Harry Potter's Rupert Grint and Sons of Anarchy's Ron Perlman team up for "Moonwalkers," a comedy set in London in 1969. Time Warner Cable News film critic Neil Rosen filed the following review.

A crazy conspiracy theory that has been kicking around for years is that the Apollo astronauts never landed on the moon, and that the whole moonwalk was faked in a movie studio and was directed by master filmmaker Stanley Kubrick.

That's the springboard that the makers of this zany comedy use for their premise. Perlman plays a CIA operative, suffering from Vietnam flashbacks, who goes to London to meet with Kubrick. Grint plays a second rate band manager who's in debt to dangerous loan sharks.
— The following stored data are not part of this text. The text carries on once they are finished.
(* If x = y, the X_i-components of the two expansions agree, giving a relation
   al xi - ga yi = 0 on X_i that vanishes at r, hence is trivial. *)
Lemma x_neq_y : x != y.
Proof.
apply/eqP => x_eq_y.
pose w l := if l == i then al *: xi - ga *: yi
            else if l == j then be *: xj - de *: yj else 0.
have w_span l : w l \in <<Xs l>>%VS.
  rewrite /w; case: eqP => [->|_]; first by rewrite rpredB ?rpredZ ?memv_span.
  by case: eqP => [->|_]; rewrite ?rpred0 // rpredB ?rpredZ ?memv_span.
have w_sum : \sum_(l < k) w l = 0.
  rewrite (bigD1 i) //= (bigD1 j) 1?eq_sym //= big1 => [|l /andP[/negbTE li /negbTE lj]]; last by rewrite /w li lj.
  rewrite /w eqxx eq_sym (negbTE i_neq_j) eqxx addr0 addrACA -opprD -x_def -y_def.
  by rewrite x_eq_y subrr.
have rel : \sum_(a <- Xs i) pick2 xi yi al (- ga) a *: a = 0.
  by rewrite sum_pick2 // scaleNr; move: (skeleton_components Xs_direct w_span w_sum i); rewrite /w eqxx.
have [lam lamXi] := Xs_simplex i.
have := relation_vanishes lamXi rel r_in _ xi_in.
rewrite /pick2 eqxx (negbTE xi_neq_yi) (negbTE r_neq_xi) (negbTE r_neq_yi) !addr0 => /(_ erefl).
by move/eqP; rewrite (gt_eqF al_gt0).
Qed.

Variables (q : V) (p : 'I_k -> V).
Hypotheses (q_in : q \in Xs j) (q_neq_xj : q != xj) (q_yj : xj != yj -> q = yj).
Hypothesis p_in : forall l, p l \in Xs l.

Definition removed (l : 'I_k) : {fset V} :=
  if l == i then [fset r] else if l == j then [fset xj; q] else [fset p l].
Definition kept (l : 'I_k) : {fset V} := Xs l `\` removed l.
Definition kept_union : {fset V} := [fset a in X | [exists l, a \in kept l]].
Definition cone_set : {fset V} := x |` (y |` kept_union).

Lemma mem_kept l a : (a \in kept l) = (a \notin removed l) && (a \in Xs l).
Proof. by rewrite in_fsetD. Qed.

Lemma kept_sub l : kept l `<=` Xs l.
Proof. exact: fsubsetDl. Qed.

Lemma mem_kept_union a : (a \in kept_union) = [exists l, a \in kept l].
Proof.
rewrite !inE; case: existsP => [[l a_l]|] /=; rewrite ?andbT ?andbF //.
exact: (fsubsetP (Xs_sub l)) (fsubsetP (kept_sub l) a a_l).
Qed.

Lemma removed_sub l : removed l `<=` Xs l.
Proof.
rewrite /removed; case: eqP => [->|_]; first by rewrite fsub1set.
case: eqP => [->|_]; last by rewrite fsub1set.
by apply/fsubsetP => a; rewrite in_fset2 => /orP[] /eqP ->.
Qed.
Desperate for money, he pretends he's Kubrick's agent just so he can get the big payday. Grint also enlists his stoner actor friend to go along with the scheme.

Grint, in his best role since Harry Potter's Ron Weasley, is quite good here. Perlman, who plays it mainly straight, is also quite funny. Also very entertaining is Robert Sheehan as the always-high Kubrick impersonator, while Tom Audenaert, as the whacked out director they get to shoot this thing, is a riot. His avant garde movie - where fat people are bouncing on a trampoline - that he thinks is high art and took him three years to make is very humorous.

The whole thing has a retro swinging 60s vibe that I enjoyed. The actors all commit to both the lunacy on screen and its premise, and the result is a good natured and entertaining film. If you take this movie for what it is and just go along for the ride, you will find there are many laughs here.